[[ Records shown open ]]

Lemma corner_rank_uniq a b : corner_rank e a -> corner_rank e b -> a = b.
Proof.
move=> [a_gt0 [a_clique a_min]] [b_gt0 [b_clique b_min]].
case: (ltngtP a b) => // [lt_ab|lt_ba].
  by have := b_min a a_gt0 lt_ab; rewrite a_clique.
by have := a_min b b_gt0 lt_ba; rewrite b_clique.
Qed.

Lemma GkS j : 0 < j -> Gk e j.+1 = corner_step e (Gk e j).
Proof. by case: j. Qed.

Lemma Xk_top alpha : Xk e alpha alpha = Gk e alpha.
Proof. by rewrite /Xk ltnn andbF eqxx. Qed.

Lemma Xk_corners alpha j : 0 < j < alpha -> Xk e alpha j = corners e (Gk e j).
Proof. by rewrite /Xk => ->. Qed.

Lemma card_corner_step (S : {set T}) : #|S| = #|corner_step e S| + #|corners e S|.
Proof.
have corners_sub : corners e S \subset S.
  by apply/subsetP => x; rewrite inE => /andP [].
by rewrite cardsD (setIidPr corners_sub) subnK // subset_leq_card.
Qed.

Lemma size_rank_card_vector alpha : size (rank_card_vector e alpha) = alpha.
Proof. by rewrite size_map size_rev size_iota. Qed.

Lemma nth_rank_card_vector alpha p : p < alpha ->
  nth 0 (rank_card_vector e alpha) p = #|Xk e alpha (alpha - p)|.
Proof.
move=> lt_p; rewrite (nth_map 0) ?size_rev ?size_iota // nth_rev ?size_iota //.
by rewrite nth_iota; [congr #|Xk _ _ _|; lia | lia].
Qed.

Lemma card_Gk alpha p : corner_rank e alpha -> p < alpha ->
  #|Gk e (alpha - p)| = sumn (take p.+1 (rank_card_vector e alpha)).
Proof.
move=> [alpha_gt0 _].
elim: p => [|p IH] lt_p; rewrite (take_nth 0) ?size_rank_card_vector //.
  by rewrite take0 /= addn0 nth_rank_card_vector // subn0 Xk_top.
rewrite sumn_rcons -IH 1?ltnW // nth_rank_card_vector // Xk_corners; last lia.
rewrite (card_corner_step (Gk e _)) -GkS; last lia.
by congr (#|Gk e _| + _); lia.
Qed.

Lemma H7plus_rank k alpha : in_H7plusk e k -> corner_rank e alpha -> alpha = k.+4.
Proof.
move=> [beta [rank_beta vec]] rank_alpha.
have := congr1 size vec; rewrite size_rank_card_vector size_cat size_nseq.
by rewrite (corner_rank_uniq rank_alpha rank_beta).
Qed.

Lemma H7plus_layer_cards k : in_H7plusk e k -> corner_rank e k.+4 ->
  [/\ #|T| = k + 7, #|Gk e k.+4| = 2, #|Gk e k.+3| = 4, #|Gk e k.+2| = 6
    & #|Gk e k.+1| = 7].
Proof.
move=> H7k rank_k; have [beta [rank_beta vec]] := H7k.
rewrite (H7plus_rank H7k rank_beta) in vec.
have card p := card_Gk (p := p) rank_k; rewrite vec in card.
split.
- have := card k.+3 (ltnSn _); rewrite subSnn -[Gk e 1]/[set: T] cardsT => ->.
  by rewrite take_oversize ?size_cat ?size_nseq // sumn_cat sumn_nseq /=; lia.
- by change (#|Gk e (k.+4 - 0)| = 2); rewrite card.
- by change (#|Gk e (k.+4 - 1)| = 4); rewrite card.
- by change (#|Gk e (k.+4 - 2)| = 6); rewrite card.
- by change (#|Gk e (k.+4 - 3)| = 7); rewrite card //= take0.
Qed.

End RankCardinalities.

Section SevenVertexSearch.
Implicit Types (a : nat -> nat -> bool) (l : bitseq).

Definition vertex_pairs : seq (nat * nat) := [seq (i, j) | j <- iota 1 6, i <- iota 0 j].

Definition graph_of_bits l i j : bool :=
  (i == j) || nth false l (index (minn i j, maxn i j) vertex_pairs).

Fixpoint bitseqs n : seq bitseq :=
  if n is n'.+1 then [seq b :: l | b <- [:: true; false], l <- bitseqs n'] else [:: [::]].

Definition nbhd_seq a n v : seq nat := [seq w <- iota 0 n | a v w].

Definition sub_nbhd a n v w : bool :=
  all (fun z => z \in nbhd_seq a n w) (nbhd_seq a n v).

Definition strict_corner_seq a n v : bool :=
  (v < n) && has (fun w => [&& w != v, sub_nbhd a n v w & ~~ sub_nbhd a n w v]) (iota 0 n).

Definition corner_step_prefixb a n m : bool :=
  all (fun i => ((i < n) && ~~ strict_corner_seq a n i) == (i < m)) (iota 0 7).

(* H_7's vertices a_i, b_i, c_i, d are sent to the positions {0,1}, {2,3}, {4,5}, {6}. *)
Definition H7_labellings : seq (seq nat) :=
  [seq [:: 0; 1; b; 5 - b; c; 9 - c; 6] | b <- [:: 2; 3], c <- [:: 4; 5]].
Lemma fimpP x y z : fle z (fimp x y) <-> fle (fmeet z x) y.
Proof.
split=> [zxy|]; last exact: (@fsup_ub L (fun z => fle (fmeet z x) y)).
apply: (@fle_trans _ _ (fmeet x (fimp x y))).
  by apply: fmeet_glb; [exact: fmeet_r | exact: fle_trans (fmeet_l _ _) zxy].
by rewrite /fimp fdistr; apply: fsup_least => _ [w [wxy ->]]; rewrite fmeetC.
Qed.

Lemma fimp_eval x y : fle (fmeet (fimp x y) x) y.
Proof. by apply/fimpP; exact: fle_refl. Qed.

Lemma fimp_meet x a b : fimp x (fmeet a b) = fmeet (fimp x a) (fimp x b).
Proof.
apply: fle_anti.
  by apply: fmeet_glb; apply/fimpP; apply: fle_trans (fimp_eval _ _) _;
    [exact: fmeet_l | exact: fmeet_r].
apply/fimpP; apply: fmeet_glb.
  by apply: fle_trans (fimp_eval x a); apply: fmeet_le (fmeet_l _ _) (fle_refl _).
by apply: fle_trans (fimp_eval x b); apply: fmeet_le (fmeet_r _ _) (fle_refl _).
Qed.

Lemma sublocale_top {S} : is_sublocale S -> S (ftop L).
Proof.
case=> meetS _; have -> : ftop L = finf (fun _ => False) by apply: fle_anti;
  [apply: finf_glb | exact: fle_top].
exact: meetS.
Qed.

Lemma sublocale_fmeet {S x y} : is_sublocale S -> S x -> S y -> S (fmeet x y).
Proof.
case=> meetS _ Sx Sy; have -> : fmeet x y = finf (fun w => w = x \/ w = y).
  apply: fle_anti; last by apply: fmeet_glb; apply: finf_lb; [left | right].
  by apply: finf_glb => w [->|->]; [exact: fmeet_l | exact: fmeet_r].
by apply: meetS => w [->|->].
Qed.

Definition meetset S T : L -> Prop :=
  fun z => exists a b, [/\ S a, T b & z = fmeet a b].

Lemma is_sublocale_meetset {S T} :
  is_sublocale S -> is_sublocale T -> is_sublocale (meetset S T).
Proof.
move=> subS subT; split=> [P PST|x _ [a [b [Sa Tb ->]]]]; last first.
  exists (fimp x a), (fimp x b); split; last exact: fimp_meet.
    by case: subS => _; apply.
  by case: subT => _; apply.
pose A := finf (fun a => S a /\ exists z b, [/\ P z, T b & z = fmeet a b]).
pose B := finf (fun b => T b /\ exists z a, [/\ P z, S a & z = fmeet a b]).
exists A, B; split.
- by case: subS => meetS _; apply: meetS => a [].
- by case: subT => meetT _; apply: meetT => b [].
apply: fle_anti.
  apply: fmeet_glb; apply: finf_glb.
    move=> a [_ [z [b [Pz _ ez]]]]; apply: fle_trans (finf_lb Pz) _.
    by rewrite ez; exact: fmeet_l.
  move=> b [_ [z [a [Pz _ ez]]]]; apply: fle_trans (finf_lb Pz) _.
  by rewrite ez; exact: fmeet_r.
apply: finf_glb => z Pz; have [a [b [Sa Tb ez]]] := PST z Pz.
by rewrite ez; apply: fmeet_le; apply: finf_lb; split=> //; [exists z, b | exists z, a].
Qed.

[[ Records shown closed ]]

*Exercise brief*
Reproduce the lines from the one with "pose B := finf" to the end of the data exactly, leaving out every earlier line.

*Answer space*
pose B := finf (fun b => T b /\ exists z a, [/\ P z, S a & z = fmeet a b]).
exists A, B; split.
- by case: subS => meetS _; apply: meetS => a [].
- by case: subT => meetT _; apply: meetT => b [].
apply: fle_anti.
  apply: fmeet_glb; apply: finf_glb.
    move=> a [_ [z [b [Pz _ ez]]]]; apply: fle_trans (finf_lb Pz) _.
    by rewrite ez; exact: fmeet_l.
  move=> b [_ [z [a [Pz _ ez]]]]; apply: fle_trans (finf_lb Pz) _.
  by rewrite ez; exact: fmeet_r.
apply: finf_glb => z Pz; have [a [b [Sa Tb ez]]] := PST z Pz.
by rewrite ez; apply: fmeet_le; apply: finf_lb; split=> //; [exists z, b | exists z, a].
Qed.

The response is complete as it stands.